Thursday, 04/07/2022 4:27:50 PM

Thursday, April 07, 2022 4:27:50 PM

Post# of 198954
Hey Finance. Waiting for our film session to begin so I'll answer that one.
My background: Corporate auditor for over 30 years pushing paper for the largest health care provider in the world.
There are what's called "swim lanes" in an audit. A swim lane may be a facility that you are auditing.
Within that large facility swim lane are all of the smaller swim lanes that determine whatever the audit is requested for: viability, loss, gain, etc.
Those smaller lanes may be: revenue streams, expenditures, capital outlays, dead stock, expiring contracts, etc.
Once a swim lane is no longer viable it is no longer relevant to the audit. For instance if I am looking at your share issuance argument I don't find it viable for a number of reasons, but, you only need one to close the swim lane.
You can scroll down the Share Issuance History and see all of the activity. It is relevant until 10/09/2020. It states, "No new issuances after this date". If you recall the Bioclonics/ENZC merger was 12/01/2020. That means, in my opinion, that the swim lane prior to the merger closed 10/09/2020 and has no relevance.
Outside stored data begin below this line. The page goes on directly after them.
Lemma coordn_delta j k : (j < 11)%N -> (k < 11)%N ->
  coordn (delta_mx 0 (inord k)) j = (j == k)%:R.
Proof. by move=> j_lt k_lt; rewrite /coordn mxE eqxx /= -val_eqE /= !inordK. Qed.

Lemma chordal_pairing r x : chordal r -> inLattice x -> exists2 w, inE w & hform r x = 3 * w.
Proof.
move=> [_ r_pair] xL.
by have [w [wE ->]] := (r_pair _).1 (ex_intro _ x (conj xL erefl)); exists w.
Qed.

Lemma mblock_dvdth a b c d : inE a -> inE b -> inE c -> inE d ->
    dvdth 2 (3 * a + b * conjc theta) -> dvdth 2 (a * theta + 3 * b + c * conjc theta) ->
    dvdth 2 (b * theta + 3 * c + d * conjc theta) -> dvdth 2 (c * theta + 3 * d) ->
  [/\ dvdth 1 a, dvdth 1 b, dvdth 1 c & dvdth 1 d].
Proof.
move=> aE bE cE dE col1 col2 col3 col4.
have Db : dvdth 1 b by apply: dvdth_mulr_conj_theta; apply: dvdth_addr col1; apply: dvdth_3E.
have Dc : dvdth 1 c by apply: dvdth_mulr_theta; apply: dvdth_addl col4; apply: dvdth_3E.
have Da : dvdth 1 a.
  apply: dvdth_mulr_theta; apply: dvdth_addl (dvdth_3E bE) _; apply: dvdth_addl col2.
  exact: dvdth_mul Dc dvdth_conj_theta.
have Dd : dvdth 1 d.
  apply: dvdth_mulr_conj_theta; apply: dvdth_addr col3.
  exact: dvdth_add (dvdth_mul Db dvdth_theta) (dvdth_3E cE).
by [].
Qed.

Ltac gram_column := rewrite hform_expand /mform !conj_theta /= !coordn_delta // !conjc_nat /=; ring.

Lemma chordal_coordn_dvdth r : chordal r -> forall i, (0 < i < 11)%N -> dvdth 1 (coordn r i).
Proof.
move=> cr; have E i : inE (coordn r i) := cr.1.1 _.
have col k c : hform r (delta_mx 0 (inord k)) = c -> dvdth 2 c.
  by move=> <-; have [w wE ->] := chordal_pairing cr (delta_lattice (inord k)); apply: dvdth_3E.
have [D1 D2 D3 D4] : [/\ dvdth 1 (coordn r 1), dvdth 1 (coordn r 2),
                        dvdth 1 (coordn r 3) & dvdth 1 (coordn r 4)].
  by apply: mblock_dvdth; try exact: E;
    [apply: (col 1) | apply: (col 2) | apply: (col 3) | apply: (col 4)]; gram_column.
have [D5 D6 D7 D8] : [/\ dvdth 1 (coordn r 5), dvdth 1 (coordn r 6),
                        dvdth 1 (coordn r 7) & dvdth 1 (coordn r 8)].
  by apply: mblock_dvdth; try exact: E;
    [apply: (col 5) | apply: (col 6) | apply: (col 7) | apply: (col 8)]; gram_column.
have D9 : dvdth 1 (coordn r 9) by apply: dvdth_mulr_theta; apply: (col 10); gram_column.
have D10 : dvdth 1 (coordn r 10) by apply: dvdth_mulr_conj_theta; apply: (col 9); gram_column.
by move=> [|[|[|[|[|[|[|[|[|[|[|i]]]]]]]]]]].
Qed.

Lemma chordal_hform_mod r s : chordal r -> chordal s ->
  exists2 e, inE e & hform r s = 3 * (coordn r 0 * conjc (coordn s 0)) + 3 * theta * e.
Proof.
move=> cr cs.
have Dr := chordal_coordn_dvdth cr.
have Ds i : (0 < i < 11)%N -> dvdth 1 (conjc (coordn s i)).
  by move=> i_bd; apply/dvdth_conj/(chordal_coordn_dvdth cs).
have D3 a b c : dvdth 1 a -> dvdth 1 b -> dvdth 1 c -> dvdth 3 (a * b * c).
  by move=> Da Db Dc; apply: dvdth_mul (dvdth_mul Da Db) Dc.
have [e eE rest] : exists2 e, inE e &
    mform (coordn r) (conjc \o coordn s) 1 + mform (coordn r) (conjc \o coordn s) 5
  + coordn r 9 * theta * conjc (coordn s 10) + coordn r 10 * conjc theta * conjc (coordn s 9)
  = 3 * theta * e.
  apply: dvdth3_3thetaE; repeat apply: dvdth_add; apply: D3;
    first [exact: dvdth_3 | exact: dvdth_theta | exact: dvdth_conj_theta
          | by apply: Dr | by apply: Ds].
by exists e; rewrite // hform_expand -rest; ring.
Qed.

Lemma chordal_norm_coordn0 r : chordal r ->
  exists k : int, coordn r 0 * conjc (coordn r 0) = (1 + 3 * k)%:~R.
Proof.
move=> cr; have [e eE rr] := chordal_hform_mod cr cr.
have [n n_def] := inE_norm (cr.1.1 (inord 0)).
have : theta * e = (1 - n)%:~R.
  apply: (mulfI three_neq0).
  transitivity (hform r r - 3 * (coordn r 0 * conjc (coordn r 0))); first by rewrite rr; ring.
  by rewrite cr.1.2 [coordn r 0 * _]n_def intrB; ring.
move=> /(theta_dvd_int eE) /dvdzP[k k_def].
by exists (- k); rewrite [coordn r 0 * _]n_def; congr intmul; lia.
Qed.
Beginning an audit of the new company from 12/01/2020 you can see "no dilution" posted 5 consecutive times in chronological order. Pretty clean.
That doesn't mean that there aren't skeletons in the closet and audits can be completed and shelved for any number of reasons.
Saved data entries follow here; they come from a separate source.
(* Let $T=(V,E)$ be a finite rooted tree, $\Pr$ a probability distribution over a finite set of queries, $u\in V$ and $v\in A(u)$. Let $R,R'\subseteq V$ satisfy (i) $v\in R$ and $v\in R'$; (ii) $T(u)\cap R=T(u)\cap R'$; (iii) $\mathrm{path}(u,v)\cap R=\mathrm{path}(u,v)\cap R'=\emptyset$. Then $B_u(R)=B_u(R')$.
   Context: $T=(V,E)$ is a finite rooted tree. For $u\in V$, $T(u)$ is the set of nodes of the subtree rooted at $u$ (including $u$), $A(u)$ the set of proper ancestors of $u$, and for $v\in A(u)$, $\mathrm{path}(u,v)$ the set of nodes strictly between $u$ and $v$ on the path from $u$ to $v$. Each non-leaf node is associated with a variable from a finite set $X$; $\mathrm{vars}(u)$ is the set of variables associated with the nodes of $T(u)$. Each query $q$ determines $Z_q\subseteq X$. For $R\subseteq V$, $w\in V$, query $q$: $I_q(w,R)=1$ iff $w\in R$, $\mathrm{vars}(w)\subseteq Z_q$, and no $x\in A(w)$ has $x\in R$ and $\mathrm{vars}(x)\subseteq Z_q$; else $I_q(w,R)=0$. $\mathbb{E}[I(w,R)]=\sum_q\Pr(q)I_q(w,R)$. Each node $x$ has a partial cost $c(x)$, and the total cost is $C(w)=\sum_{x\in T(w)}c(x)$. The partial benefit of $R$ at $u$ is $B_u(R)=\sum_{w\in R\cap T(u)}\mathbb{E}[I(w,R)]\,C(w)$. *)

From mathcomp Require Import all_boot all_order all_algebra.
Set Implicit Arguments. Unset Strict Implicit. Unset Printing Implicit Defensive.
Import Order.TTheory GRing.Theory Num.Theory.
Local Open Scope ring_scope.

(* A finite rooted tree on the finType V is given by a parent map:
   parent u = Some p  iff p is the parent of u;  parent r = None for the root. *)
Section Tree.
Variable V : finType.
Variable parent : V -> option V.

Definition childrel : rel V := fun c p => parent c == Some p.

Definition subtree (u : V) : {set V} := [set w | connect childrel w u].

Definition ancestors (u : V) : {set V} := [set x | (x != u) && connect childrel u x].

Definition path_between (u v : V) : {set V} :=
  [set w | (w \in ancestors u) && (v \in ancestors w)].

Definition is_rooted_tree : Prop :=
  (forall u p, parent u = Some p -> ~~ connect childrel p u) /\
  (exists r, parent r = None /\ forall u, connect childrel u r).

Definition nonleaf (u : V) : bool := [exists w, childrel w u].

Section Queries.
Variables (X Q : finType) (lab : V -> X) (Z : Q -> {set X}).
Variable (R : realFieldType) (Pr : Q -> R) (c : V -> R).

Definition vars (u : V) : {set X} := lab @: [set w in subtree u | nonleaf w].

Definition covered (q : Q) (w : V) : bool := vars w \subset Z q.

Definition Iq (q : Q) (w : V) (Rs : {set V}) : bool :=
  [&& w \in Rs, covered q w &
      ~~ [exists x in ancestors w, (x \in Rs) && covered q x]].

Definition EI (w : V) (Rs : {set V}) : R := \sum_(q : Q) Pr q * (Iq q w Rs)%:R.

Definition Ctot (w : V) : R := \sum_(x in subtree w) c x.

Definition Bpart (u : V) (Rs : {set V}) : R :=
  \sum_(w in Rs :&: subtree u) EI w Rs * Ctot w.

End Queries.
End Tree.

(* A node w of T(u) has the same indicator under R and R'.  Its own membership
   and the covered R-ancestors inside T(u) are unchanged by (ii).  A covered
   R-ancestor x outside T(u) is a proper ancestor of u; by (iii) it is v or lies
   above v, and since vars is monotone along the ancestor relation, v is then a
   covered R'-ancestor of w.  Hence "blocked by a covered ancestor" agrees for R
   and R', and so do the summands of B_u. *)
From mathcomp Require Import all_boot all_order all_algebra.
Set Implicit Arguments. Unset Strict Implicit. Unset Printing Implicit Defensive.
Import Order.TTheory GRing.Theory Num.Theory.
Local Open Scope ring_scope.

Section TreeOrder.
Variables (V : finType) (parent : V -> option V).
Local Notation e := (childrel parent).
Local Notation subtree := (subtree parent).
Local Notation ancestors := (ancestors parent).
Local Notation path_between := (path_between parent).

Lemma connect_child_total a b c :
  connect e a b -> connect e a c -> connect e b c || connect e c b.
Proof.
move=> /connectP [p ep ->]; elim: p a ep c => [|y p IHp] a /= ep c ac.
  by rewrite ac.
case/andP: ep => ay ep.
case/connectP: ac => [[|z q] /= zq ->].
  by apply/orP; right; apply/connectP; exists (y :: p) => //=; rewrite ay.
case/andP: zq => az zq.
have yz : y = z by move: ay az; rewrite /childrel => /eqP -> /eqP [].
by subst z; apply: IHp => //; apply/connectP; exists q.
Qed.

Lemma ancestor_split u v w x :
  v \in ancestors u -> w \in subtree u -> x \in ancestors w ->
  [\/ x \in subtree u, x \in path_between u v | connect e v x].
Proof.
rewrite !inE => /andP [vu uv] wu /andP [xw wx].
case/orP: (connect_child_total wu wx) => [ux | xu]; last by constructor 1.
have [-> | xu] := eqVneq x u; first by constructor 1; apply: connect0.
case/orP: (connect_child_total uv ux) => [vx | xv]; first by constructor 3.
have [<- | xv'] := eqVneq x v; first by constructor 3; apply: connect0.
by constructor 2; rewrite ux xv.
Qed.

Hypothesis parent_acyclic : forall a p, parent a = Some p -> ~~ connect e p a.

Lemma connect_child_antisym a b : connect e a b -> connect e b a -> a = b.
Proof.
move=> /connectP [[|y p] /= ep ->] // ba.
case/andP: ep => /eqP/parent_acyclic ay ep.
by move: ay; rewrite (connect_trans _ ba) //; apply/connectP; exists p.
Qed.

Lemma ancestors_subtree u v w :
  v \in ancestors u -> w \in subtree u -> v \in ancestors w.
Proof.
rewrite !inE => /andP [vu uv] wu; rewrite (connect_trans wu uv) andbT.
by apply: contraNneq vu => vw; rewrite vw (connect_child_antisym wu) // -vw.
Qed.

Section Blocking.
Variables (X Q : finType) (lab : V -> X) (Z : Q -> {set X}).
Local Notation covered := (covered parent lab Z).

Lemma vars_connect a b :
  connect e a b -> vars parent lab a \subset vars parent lab b.
Proof.
move=> ab; apply: imsetS; apply/subsetP => y; rewrite !inE => /andP [ya ->].
by rewrite (connect_trans ya ab).
Qed.

Lemma covered_connect q a b : connect e a b -> covered q b -> covered q a.
Proof. by move=> /vars_connect ab; apply: subset_trans. Qed.

Definition blocked (q : Q) (w : V) (Rs : {set V}) : bool :=
  [exists x in ancestors w, (x \in Rs) && covered q x].

Lemma Iq_blocked q w Rs :
  Iq parent lab Z q w Rs = [&& w \in Rs, covered q w & ~~ blocked q w Rs].
Proof. by []. Qed.

Lemma blocked_transfer q u v w (Rs Rs' : {set V}) :
  v \in ancestors u -> v \in Rs' -> subtree u :&: Rs \subset Rs' ->
  path_between u v :&: Rs = set0 -> w \in subtree u ->
  blocked q w Rs -> blocked q w Rs'.
Proof.
move=> vu vR' sub between wu /exists_inP [x xw /andP [xR cx]].
case: (ancestor_split vu wu xw) => [xu | xuv | vx].
- apply/exists_inP; exists x; rewrite // cx andbT.
  by apply: (subsetP sub); rewrite inE xu xR.
- by have := in_set0 x; rewrite -between inE xuv xR.
- apply/exists_inP; exists v; first exact: ancestors_subtree vu wu.
  by rewrite vR' (covered_connect vx cx).
Qed.

Lemma Iq_subtree q u v w (Rs Rs' : {set V}) :
  v \in ancestors u -> v \in Rs -> v \in Rs' ->
  subtree u :&: Rs = subtree u :&: Rs' ->
  path_between u v :&: Rs = set0 -> path_between u v :&: Rs' = set0 ->
  w \in subtree u -> Iq parent lab Z q w Rs = Iq parent lab Z q w Rs'.
Proof.
move=> vu vR vR' E between between' wu.
have wR : (w \in Rs) = (w \in Rs').
  by have := congr1 (fun S : {set V} => w \in S) E; rewrite /= !in_setI wu.
rewrite !Iq_blocked wR; congr [&& _, _ & ~~ _].
have sub : subtree u :&: Rs \subset Rs' by rewrite E subsetIr.
have sub' : subtree u :&: Rs' \subset Rs by rewrite -E subsetIr.
apply/idP/idP; [exact: blocked_transfer vu vR' sub between wu |
                 exact: blocked_transfer vu vR sub' between' wu].
Qed.

End Blocking.
End TreeOrder.

Theorem lemma2 (V X Q : finType) (parent : V -> option V)
  (htree : is_rooted_tree parent) (lab : V -> X) (Z : Q -> {set X})
  (R : realFieldType) (Pr : Q -> R)
  (hPr0 : forall q, 0 <= Pr q) (hPr1 : \sum_(q : Q) Pr q = 1)
  (c : V -> R) (u v : V) (Rs Rs' : {set V}) :
  v \in ancestors parent u ->
  v \in Rs -> v \in Rs' ->
  subtree parent u :&: Rs = subtree parent u :&: Rs' ->
  path_between parent u v :&: Rs = set0 ->
  path_between parent u v :&: Rs' = set0 ->
  Bpart parent lab Z Pr c u Rs = Bpart parent lab Z Pr c u Rs'.
Proof.
move=> vu vR vR' E between between'.
have [acyclic _] := htree.
rewrite /Bpart setIC E setIC; apply: eq_bigr => w; rewrite inE => /andP [_ wu].
congr (_ * _); apply: eq_bigr => q _.
by rewrite (Iq_subtree acyclic lab Z q vu vR vR' E between between' wu).
Qed.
I do find something interesting about this disclosure. Audits are requested for a reason, maybe in this case to become fully reporting.
Audits are an absolute thing and, if this information has been available for some time, why disclose it now? In my opinion there has to be a reason. It could possibly be the new auditing company requested it before submitting their findings. It could also be for a different reason. In any case it's out there and doesn't change my investment strategy. I hope this helps. Hey MAGA, Jim46, Timing101 and all the longs. I'll try to chime in again when I can.